LONDON / LONDON (IT BOLTWISE) – Ein Bericht des Inter-Agency Space Debris Co-ordination Committee warnt davor, wie schnell Kollisionen im Orbit neue Trümmer erzeugen können. Selbst ein sofortiges Startverbot würde das Wachstum nicht stoppen, weil bestehende Objekte sich weiter gegenseitig treffen und fragmentieren. Besonders die große Zahl kleiner, schwer zu trackender Fragmente macht eine Abschätzung des „Point of no return“ schwierig. Gleichzeitig zeigen Fallbeispiele aus der Raumfahrt und die hohen Frequenzen von Ausweichmanövern, wie nah Unternehmen und Betreibern der operative Ernstfall schon ist.

In der Debatte um Künstliche Intelligenz in der Raumfahrt geht es in letzter Zeit oft um Autonomie im Flug: KI-gestützte Bahnauswahl, bessere Bildauswertung, effizientere Missionsplanung. Doch eine andere Variable bestimmt aktuell, wie sicher und wirtschaftlich überhaupt weiter geflogen werden kann: der wachsende Weltraumschrott. Der Impuls kommt aus dem Inter-Agency Space Debris Co-ordination Committee (IADC), das die Interessen von insgesamt 13 Raumfahrtagenturen bündelt und am Ende der UK-Vorsitzphase ein Berichtspaket veröffentlicht hat. Die Kernaussage ist unbequem nüchtern: Selbst wenn es weltweit sofort kein Starten von neuen Raketen mehr gäbe, würde die Zahl der Trümmer weiter steigen, weil Kollisionen zwischen bestehenden Objekten zusätzliche Fragmente erzeugen.

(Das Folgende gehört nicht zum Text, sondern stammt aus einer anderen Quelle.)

(* Let $b_1,b_2,b_3\in\mathbb{R}$ with $b_1b_2b_3\neq0$ and consider the system $$\dot x_1=b_1x_2,\qquad \dot x_2=b_2x_1x_3,\qquad \dot x_3=b_3x_1x_2 .$$ Let $m\in\mathbb{R}\setminus\{0\}$ with $mb_1b_2<0$. Then the equilibrium state $e_3^m=(0,0,m)$ is nonlinear stable.
   Context: Nonlinear stable means stable in the sense of Lyapunov: for every neighbourhood $U$ of the equilibrium there is a neighbourhood $V$ such that every trajectory starting in $V$ remains in $U$ for all $t\ge0$. *)

From Stdlib Require Import Reals.
From Coquelicot Require Import Coquelicot.
Open Scope R_scope.

Definition pt (x1 x2 x3 : R) : R * R * R := (x1, x2, x3).

Definition is_solution (b1 b2 b3 a c : R) (x1 x2 x3 : R -> R) : Prop :=
  forall t, a < t < c ->
    is_derive x1 t (b1 * x2 t) /\
    is_derive x2 t (b2 * x1 t * x3 t) /\
    is_derive x3 t (b3 * x1 t * x2 t).

Definition nonlinear_stable (b1 b2 b3 : R) (e : R * R * R) : Prop :=
  forall U : R * R * R -> Prop, locally e U ->
    exists V : R * R * R -> Prop, locally e V /\
      forall (a c : R) (x1 x2 x3 : R -> R),
        a < 0 < c -> is_solution b1 b2 b3 a c x1 x2 x3 ->
        V (pt (x1 0) (x2 0) (x3 0)) ->
        forall t, 0 <= t < c -> U (pt (x1 t) (x2 t) (x3 t)).

From Stdlib Require Import Reals Ranalysis5 Lra Psatz.
From Coquelicot Require Import Coquelicot.
Open Scope R_scope.

(* With u = x3 - m, both C = 2 b1 u - b3 x1^2 and
   H = x2^2 + kappa x1^2 - (b2/b3) u^2 are constants of motion, where
   kappa = - b2 m / b1 is positive exactly because m b1 b2 < 0.  The
   energy-Casimir function H + lambda C^2 is bounded below by a multiple of
   the squared distance to (0,0,m) as long as x1^2 stays small (there the
   quartic x1^4 terms are dominated), and above by a multiple of it near the
   equilibrium.  Starting close enough, the conserved value is too small for
   the trajectory ever to reach the boundary of a small ball, so by continuity
   it never leaves it. *)

Lemma is_derive_sq (f : R -> R) (t d : R) :
  is_derive f t d -> is_derive (fun s => f s ^ 2) t (2 * f t * d).
Proof.
  intros Hf. replace (2 * f t * d) with (INR 2 * d * f t ^ Nat.pred 2) by (simpl; ring).
  now apply is_derive_pow.
Qed.

Lemma is_derive_sub_const (f : R -> R) (t d c : R) :
  is_derive f t d -> is_derive (fun s => f s - c) t d.
Proof.
  intros Hf. replace d with (d - 0) by ring.
  apply (is_derive_minus f (fun _ => c)); [exact Hf |].
  exact (@is_derive_const R_AbsRing R_NormedModule c t).
Qed.

Lemma is_derive_continuity_pt (f : R -> R) (t d : R) :
  is_derive f t d -> continuity_pt f t.
Proof.
  intros Hf. apply continuity_pt_filterlim.
  apply (@ex_derive_continuous R_AbsRing R_NormedModule). now exists d.
Qed.

Lemma derive_zero_const_on (a c : R) (f : R -> R) :
  a < 0 -> (forall t, a < t < c -> is_derive f t 0) ->
  forall t, 0 <= t < c -> f t = f 0.
Proof.
  intros Ha Hd t [[Ht | <-] Htc]; [| reflexivity].
  destruct (MVT_gen f 0 t (fun _ => 0)) as [z [_ Hz]].
  - rewrite Rmin_left, Rmax_right by lra. intros s Hs; apply Hd; lra.
  - rewrite Rmin_left, Rmax_right by lra.
    intros s Hs; apply (is_derive_continuity_pt _ _ 0), Hd; lra.
  - lra.
Qed.

Lemma continuous_stays_below (g : R -> R) (t r : R) :
  0 <= t -> (forall s, 0 <= s <= t -> continuity_pt g s) ->
  g 0 < r -> (forall s, 0 <= s <= t -> g s <> r) -> g t < r.
Proof.
  intros Ht Hc H0 Hneq.
  destruct (Rlt_or_le (g t) r) as [Hlt | [Hgt | Heq]]; [exact Hlt | exfalso | ].
  - destruct Ht as [Ht | <-]; [| lra].
    destruct (IVT_interv (fun s => g s - r) 0 t) as [s [Hs Hgs]]; try lra.
    + intros s Hs. apply continuity_pt_minus; [now apply Hc | apply continuity_pt_const].
      now intros ? ?.
    + apply (Hneq s Hs); lra.
  - exfalso; apply (Hneq t); [lra | now symmetry].
Qed.

Section CasimirEnergy.

Variables b1 b2 b3 m : R.
Hypotheses (Hb1 : b1 <> 0) (Hb3 : b3 <> 0) (Hmb : m * b1 * b2 < 0).

Definition kappa := - (b2 * m) / b1.
(* 2 lambda b1^2 = 1 + |b2/b3|: then lambda C^2 dominates the term -(b2/b3) u^2 of H. *)
Definition lambda := (1 + Rabs (b2 / b3)) / (2 * b1 ^ 2).

Definition casimir (x1 x3 : R) := 2 * b1 * (x3 - m) - b3 * x1 ^ 2.
Definition energy (x1 x2 x3 : R) := x2 ^ 2 + kappa * x1 ^ 2 - b2 / b3 * (x3 - m) ^ 2.
Definition lyap (x1 x2 x3 : R) := energy x1 x2 x3 + lambda * casimir x1 x3 ^ 2.
Definition dist2 (x1 x2 x3 : R) := x1 ^ 2 + x2 ^ 2 + (x3 - m) ^ 2.

Lemma kappa_pos : 0 < kappa.
Proof.
  unfold kappa. replace (- (b2 * m) / b1) with (- (m * b1 * b2) / b1 ^ 2) by (field; exact Hb1).
  apply Rdiv_lt_0_compat; [lra | now apply pow2_gt_0].
Qed.

Lemma lambda_pos : 0 < lambda.
Proof.
  unfold lambda. apply Rdiv_lt_0_compat; [pose proof (Rabs_pos (b2 / b3)); lra |].
  pose proof (pow2_gt_0 b1 Hb1); lra.
Qed.

Definition lyap_bound := 1 + kappa + Rabs (b2 / b3) + 8 * lambda * b1 ^ 2 + 2 * lambda * b3 ^ 2.

Definition coercivity := Rmin 1 (kappa / 2).
Definition coercivity_radius := kappa / (2 * lambda * b3 ^ 2).

Lemma coercivity_pos : 0 < coercivity.
Proof. pose proof kappa_pos. apply Rmin_pos; lra. Qed.

Lemma coercivity_radius_pos : 0 < coercivity_radius.
Proof.
  pose proof kappa_pos. pose proof lambda_pos. pose proof (pow2_gt_0 b3 Hb3).
  apply Rdiv_lt_0_compat; nra.
Qed.

Lemma lyap_lower_bound x1 x2 x3 : x1 ^ 2 <= coercivity_radius ->
  coercivity * dist2 x1 x2 x3 <= lyap x1 x2 x3.
Proof.
  intros Hx1. pose proof kappa_pos as Hk. pose proof lambda_pos as Hl.
  pose proof (pow2_gt_0 b3 Hb3) as Hb3sq.
  unfold coercivity_radius, coercivity, lyap, energy, casimir, dist2 in *.
  set (y := x1 ^ 2) in *. set (u := x3 - m). set (beta := b2 / b3).
  assert (Hy : 0 <= y) by apply pow2_ge_0.
  assert (Hcas : 2 * b1 ^ 2 * u ^ 2 - b3 ^ 2 * y ^ 2 <= (2 * b1 * u - b3 * y) ^ 2)
    by (pose proof (pow2_ge_0 (b1 * u - b3 * y)); nra).
  assert (Hlb : lambda * (2 * b1 ^ 2) = 1 + Rabs beta)
    by (unfold lambda, beta; field; exact Hb1).
  assert (Hquart : lambda * b3 ^ 2 * y ^ 2 <= kappa / 2 * y).
  { assert (lambda * b3 ^ 2 * y <= kappa / 2).
    { apply (Rmult_le_compat_l (2 * lambda * b3 ^ 2)) in Hx1; [| nra].
      replace (2 * lambda * b3 ^ 2 * (kappa / (2 * lambda * b3 ^ 2))) with kappa in Hx1
        by (field; lra).
      lra. }
    nra. }
  assert (Hlower : x2 ^ 2 + kappa / 2 * y + u ^ 2
                   <= x2 ^ 2 + kappa * y - beta * u ^ 2 + lambda * (2 * b1 * u - b3 * y) ^ 2).
  { pose proof (Rle_abs beta). pose proof (pow2_ge_0 u).
    apply (Rmult_le_compat_l lambda) in Hcas; nra. }
  pose proof (Rmin_l 1 (kappa / 2)). pose proof (Rmin_r 1 (kappa / 2)).
  pose proof (pow2_ge_0 x2). pose proof (pow2_ge_0 u).
  nra.
Qed.

Lemma lyap_upper_bound x1 x2 x3 : dist2 x1 x2 x3 <= 1 ->
  lyap x1 x2 x3 <= lyap_bound * dist2 x1 x2 x3.
Proof.
  intros Hd. pose proof kappa_pos as Hk. pose proof lambda_pos as Hl.
  unfold lyap, energy, casimir, dist2, lyap_bound in *.
  set (y := x1 ^ 2) in *. set (u := x3 - m) in *. set (beta := b2 / b3) in *.
  assert (Hy : 0 <= y) by apply pow2_ge_0.
  pose proof (pow2_ge_0 x2). pose proof (pow2_ge_0 u).
  assert (Hyy : y ^ 2 <= y) by nra.
  assert (Hcas : (2 * b1 * u - b3 * y) ^ 2 <= 8 * b1 ^ 2 * u ^ 2 + 2 * b3 ^ 2 * y)
    by (pose proof (pow2_ge_0 (2 * b1 * u + b3 * y));
        pose proof (Rmult_le_compat_l (b3 ^ 2) _ _ (pow2_ge_0 b3) Hyy); nra).
  assert (Hbeta : - beta * u ^ 2 <= Rabs beta * u ^ 2).
  { pose proof (Rle_abs (- beta)). rewrite Rabs_Ropp in *. nra. }
  pose proof (Rabs_pos beta). pose proof (pow2_ge_0 b1). pose proof (pow2_ge_0 b3).
  apply (Rmult_le_compat_l lambda) in Hcas; [| lra].
  set (K := 1 + kappa + Rabs beta + 8 * lambda * b1 ^ 2 + 2 * lambda * b3 ^ 2).
  assert (0 <= (K - 1) * x2 ^ 2) by (apply Rmult_le_pos; unfold K; nra).
  assert (0 <= (K - kappa - 2 * lambda * b3 ^ 2) * y) by (apply Rmult_le_pos; unfold K; nra).
  assert (0 <= (K - Rabs beta - 8 * lambda * b1 ^ 2) * u ^ 2)
    by (apply Rmult_le_pos; unfold K; nra).
  nra.
Qed.

Lemma ball_dist2 e y1 y2 y3 :
  ball (pt 0 0 m) e (pt y1 y2 y3) -> dist2 y1 y2 y3 < 3 * e ^ 2.
Proof.
  intros [[H1 H2] H3]. change (Rabs (y1 - 0) < e) in H1.
  change (Rabs (y2 - 0) < e) in H2. change (Rabs (y3 - m) < e) in H3.
  apply Rabs_def2 in H1, H2, H3. unfold dist2. nra.
Qed.

Lemma dist2_ball e y1 y2 y3 : 0 < e ->
  dist2 y1 y2 y3 < e ^ 2 -> ball (pt 0 0 m) e (pt y1 y2 y3).
Proof.
  unfold dist2. intros He Hd.
  pose proof (pow2_ge_0 y1). pose proof (pow2_ge_0 y2). pose proof (pow2_ge_0 (y3 - m)).
  split; [split |]; cbn; unfold AbsRing_ball, abs, minus, plus, opp; cbn;
    apply Rabs_def1; nra.
Qed.

Section Trajectory.

Variables (a c : R) (x1 x2 x3 : R -> R).
Hypotheses (Ha : a < 0) (Hsol : is_solution b1 b2 b3 a c x1 x2 x3).

Lemma casimir_conserved t : 0 <= t < c ->
  casimir (x1 t) (x3 t) = casimir (x1 0) (x3 0).
Proof.
  apply (derive_zero_const_on a c (fun s => casimir (x1 s) (x3 s)) Ha).
  intros s Hs. destruct (Hsol s Hs) as [d1 [_ d3]].
  replace 0 with (2 * b1 * (b3 * x1 s * x2 s) - b3 * (2 * x1 s * (b1 * x2 s))) by ring.
  apply (is_derive_minus (fun s => 2 * b1 * (x3 s - m)) (fun s => b3 * x1 s ^ 2));
    apply is_derive_scal; [| now apply is_derive_sq].
  now apply is_derive_sub_const.
Qed.

Lemma energy_conserved t : 0 <= t < c ->
  energy (x1 t) (x2 t) (x3 t) = energy (x1 0) (x2 0) (x3 0).
Proof.
  apply (derive_zero_const_on a c (fun s => energy (x1 s) (x2 s) (x3 s)) Ha).
  intros s Hs. destruct (Hsol s Hs) as [d1 [d2 d3]].
  (* the derivative is 2 x1 x2 (kappa b1 + b2 m), which is how kappa is chosen *)
  replace 0 with (2 * x2 s * (b2 * x1 s * x3 s) + kappa * (2 * x1 s * (b1 * x2 s))
                  - b2 / b3 * (2 * (x3 s - m) * (b3 * x1 s * x2 s)))
    by (unfold kappa; field; auto).
  apply (is_derive_minus (fun s => x2 s ^ 2 + kappa * x1 s ^ 2)
                         (fun s => b2 / b3 * (x3 s - m) ^ 2)).
  - apply (is_derive_plus (fun s => x2 s ^ 2) (fun s => kappa * x1 s ^ 2));
      [| apply is_derive_scal]; now apply is_derive_sq.
  - apply is_derive_scal, (is_derive_sq (fun s => x3 s - m)).
    now apply is_derive_sub_const.
Qed.

Lemma lyap_conserved t : 0 <= t < c ->
  lyap (x1 t) (x2 t) (x3 t) = lyap (x1 0) (x2 0) (x3 0).
Proof.
  intros Ht. unfold lyap. now rewrite energy_conserved, casimir_conserved.
Qed.

Lemma dist2_continuity_pt t : a < t < c ->
  continuity_pt (fun s => dist2 (x1 s) (x2 s) (x3 s)) t.
Proof.
  intros Ht. destruct (Hsol t Ht) as [d1 [d2 d3]].
  apply (is_derive_continuity_pt _ _
           (2 * x1 t * (b1 * x2 t) + 2 * x2 t * (b2 * x1 t * x3 t)
            + 2 * (x3 t - m) * (b3 * x1 t * x2 t))).
  apply (is_derive_plus (fun s => x1 s ^ 2 + x2 s ^ 2) (fun s => (x3 s - m) ^ 2)).
  - apply (is_derive_plus (fun s => x1 s ^ 2) (fun s => x2 s ^ 2)); now apply is_derive_sq.
  - apply (is_derive_sq (fun s => x3 s - m)).
    now apply is_derive_sub_const.
Qed.


Lemma dist2_stays_below r t : 0 <= t < c -> r <= coercivity_radius ->
  dist2 (x1 0) (x2 0) (x3 0) < r -> lyap (x1 0) (x2 0) (x3 0) < coercivity * r ->
  dist2 (x1 t) (x2 t) (x3 t) < r.
Proof.
  intros [Ht0 Htc] Hr Hd0 Hl0.
  apply (continuous_stays_below (fun s => dist2 (x1 s) (x2 s) (x3 s))); [lra | | exact Hd0 |].
  - intros s Hs. apply dist2_continuity_pt; lra.
  - intros s Hs Hrs.
    assert (Hx1 : x1 s ^ 2 <= coercivity_radius).
    { pose proof (pow2_ge_0 (x2 s)). pose proof (pow2_ge_0 (x3 s - m)).
      unfold dist2 in Hrs. lra. }
    pose proof (lyap_lower_bound _ (x2 s) (x3 s) Hx1) as Hlow.
    rewrite Hrs, lyap_conserved in Hlow by lra. lra.
Qed.

End Trajectory.

Lemma e3_nonlinear_stable : nonlinear_stable b1 b2 b3 (pt 0 0 m).
Proof.
  intros U [eps HU]. pose proof (cond_pos eps) as Heps.
  pose proof coercivity_pos as Hc0. pose proof coercivity_radius_pos as Hcr.
  assert (HK : 1 <= lyap_bound).
  { pose proof kappa_pos. pose proof lambda_pos. pose proof (Rabs_pos (b2 / b3)).
    pose proof (pow2_ge_0 b1). pose proof (pow2_ge_0 b3). unfold lyap_bound. nra. }
  set (r := Rmin (Rmin 1 (eps ^ 2)) coercivity_radius).
  assert (Hr : 0 < r) by (apply Rmin_pos; [apply Rmin_pos; [lra | now apply pow_lt] | lra]).
  assert (Hr1 : r <= 1) by (unfold r; eapply Rle_trans; apply Rmin_l).
  assert (Hreps : r <= eps ^ 2) by (unfold r; eapply Rle_trans; [apply Rmin_l | apply Rmin_r]).
  set (eta := Rmin 1 (Rmin r (coercivity * r / lyap_bound) / 3)).
  assert (Heta : 0 < eta).
  { apply Rmin_pos; [lra |]. apply Rdiv_lt_0_compat; [| lra].
    apply Rmin_pos; [lra |]. apply Rdiv_lt_0_compat; nra. }
  assert (Heta3 : 3 * eta ^ 2 <= Rmin r (coercivity * r / lyap_bound)).
  { assert (eta <= 1) by apply Rmin_l.
    assert (eta <= Rmin r (coercivity * r / lyap_bound) / 3) by apply Rmin_r.
    nra. }
  pose proof (Rmin_l r (coercivity * r / lyap_bound)).
  pose proof (Rmin_r r (coercivity * r / lyap_bound)).
  exists (ball (pt 0 0 m) eta). split; [now exists (mkposreal eta Heta) |].
  intros a c x1 x2 x3 [Ha _] Hsol Hball t Ht.
  pose proof (ball_dist2 _ _ _ _ Hball) as Hd0.
  assert (Hl0 : lyap (x1 0) (x2 0) (x3 0) < coercivity * r).
  { eapply Rle_lt_trans; [apply lyap_upper_bound; lra |].
    apply (Rmult_lt_reg_r (/ lyap_bound)); [apply Rinv_0_lt_compat; lra |].
    replace (lyap_bound * dist2 (x1 0) (x2 0) (x3 0) * / lyap_bound)
      with (dist2 (x1 0) (x2 0) (x3 0)) by (field; lra).
    lra. }
  apply HU, dist2_ball; [exact Heps |].
  apply (Rlt_le_trans _ r); [| exact Hreps].
  apply (dist2_stays_below a c); [exact Ha | exact Hsol | exact Ht | apply Rmin_r | lra | exact Hl0].
Qed.

End CasimirEnergy.

Theorem proposition4p4 (b1 b2 b3 m : R) :
  b1 * b2 * b3 <> 0 -> m <> 0 -> m * b1 * b2 < 0 ->
  nonlinear_stable b1 b2 b3 (pt 0 0 m).
Proof.
  intros Hb _ Hmb.
  apply e3_nonlinear_stable; [intros -> | intros -> | exact Hmb]; apply Hb; ring.
Qed.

Technisch lässt sich dieses Problem als Kettenreaktion verstehen, die auf das bereits 1978 beschriebene Kollisionsmodell von Donald J. Kessler und Burton G. Cour-Palais zurückgeht. In der Logik des Kessler-Szenarios reicht es aus, dass die Dichte künstlicher Objekte im Orbit hoch genug ist: Dann entstehen durch Treffer schneller neue Trümmer, als die Umgebung durch natürliche Prozesse „aufräumt“. Genau deswegen reden viele Akteure nicht nur über „mehr Müll“, sondern über einen Verlust an nutzbaren Bahnräumen. Der Bericht knüpft an den Alltag an, indem er die Abhängigkeit moderner Infrastruktur von Raumdiensten betont: Navigation, Kommunikation, Finanz- und Sicherheitsleistungen sowie Teile der Logistik hängen direkt an Satelliten. Besonders drastisch wird es bei globalen GNSS-Störungen: Eine Modellierung verweist auf einen geschätzten wirtschaftlichen Verlust von 37,6 Mrd. britischen Pfund allein in Großbritannien bei einem sieben Tage dauernden Ausfall globaler Navigationssatellitensysteme.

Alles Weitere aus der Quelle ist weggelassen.